I was expecting the scores_ provided by SelectKBest() to be the result of the score_func (e.g. the value of the F statistics itself when score_func = f_classif, or the chi2 statistics when score_func = chi2).

But it is apparently not the case. I get

selector = SelectKBest(f_classif, k=2)
selector.fit(x_train, y_train)

pd.DataFrame({'variable': x_train.columns,
              'score_f_anova': selector.scores_})
_variable_  |_score_f_anova_
variable_1  |43.525376
variable_2  |28.432673

which is different from the F statistics I get from:

from scipy.stats import f_oneway
print(f_oneway(x_train['variable_1'], y_train)[0])
print(f_oneway(x_train['variable_2'], y_train)[0])
141.423192895752
90.45067843845831

Therefore:

  • How is scores_ computed?
  • Which of scores_ and pvalues_ should I use to rank the features by importance?

2 Answers2

2

f_classif and f_oneway produce the same results but differ in implementation and use.
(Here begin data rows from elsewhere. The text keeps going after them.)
Lemma nlinext_delv v : nlinext (delv_rel le v) = nlinext_on ([set: T] :\ v).
Proof.
rewrite (@nlinext_embed _ (delv_rel le v) val val_inj) //; congr nlinext_on.
apply/setP => t; rewrite !inE andbT; apply/imsetP/idP => [[u _ ->]|neq_tv].
  exact: (valP u).
by exists (exist _ t neq_tv).
Qed.

Lemma is_cutset_setT (S : {set T}) : is_cutset le S = is_cutset_in [set: T] S.
Proof.
apply: eq_forallb => C; rewrite /is_maximal_chain /is_maximal_chain_in subsetT /=.
by congr (_ && _ ==> _); apply: eq_forallb => D; rewrite subsetT andbT.
Qed.

End Poset.

Theorem corollary3p10 (T : finType) (le : rel T) (HP : is_porder le) :
  (forall A : {set T}, is_antichain le A ->
     (\sum_(v in A) nlinext (delv_rel le v) <= nlinext le)%N) /\
  (forall S : {set T}, is_cutset le S ->
     (nlinext le <= \sum_(v in S) nlinext (delv_rel le v))%N) /\
  (forall I : {set T}, is_cutset le I \/ is_antichain le I ->
     (nlinext le = \sum_(v in I) nlinext (delv_rel le v) <->
      is_cutset le I /\ is_antichain le I)).
Proof.
have bounds A := deletion_bounds_subset HP (subsetT A).
have sum_delv A : \sum_(v in A) nlinext (delv_rel le v) =
                  \sum_(v in A) nlinext_on le ([set: T] :\ v).
  by apply: eq_bigr => v _; rewrite nlinext_delv.
rewrite nlinext_setT; split; [|split] => [A|S|I].
- by rewrite sum_delv; case: (bounds A).
- by rewrite is_cutset_setT sum_delv; case: (bounds S).
rewrite !is_cutset_setT sum_delv; have [anti_le cut_le anti_eq cut_eq] := bounds I.
move=> cut_or_anti; split=> [eq_e|[cutI antiI]].
  by case: cut_or_anti => [cutI|antiI]; split; auto.
by apply/eqP; rewrite eqn_leq cut_le // anti_le.
Qed.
First, recall that 1-way ANOVA tests the null hypothesis that samples in two or more classes have the same population mean. In your case, I suppose y_train is an array-like categorical variable containing some classes, and x_train is an array-like or dataframe containing features. Then the right way to pass sample measurements for each class into f_oneway is

f_oneway(x_train[y_train == 'class1'], x_train[y_train == 'class2'], # ...,
         x_train[y_train == 'classk'])

or more conveniently

f_oneway(*[x_train[y_train == c] for c in np.unique(y_train)])

f_classif and other scoring functions from scikit-learn require both features and labels:

f_classif(x_train, y_train)

Example:

>>> import numpy as np
>>> from scipy.stats import f_oneway
>>> from sklearn.datasets import make_classification
>>> from sklearn.feature_selection import f_classif
>>> n_samples, n_features, n_classes = 1000, 4, 3
>>> X, y = make_classification(n_samples=n_samples, n_features=n_features,
...     n_classes=n_classes, n_informative=3, n_redundant=1,
...     scale=0.2, random_state=0)
>>> f_tuple = f_oneway(*[X[y == k] for k in range(n_classes)])
>>> f_stat, f_prob = f_classif(X, y)
>>> np.allclose(f_tuple.statistic, f_stat), np.allclose(f_tuple.pvalue, f_prob)
(True, True)
>>> f_stat.shape[0] == n_features
True

Finally, SelectKBest produces exactly the same results as the score_func function provided and stores them in the scores_ attribute. So, your selector's scores are correct and will be equal to an f_oneway's output if you pass the arguments properly.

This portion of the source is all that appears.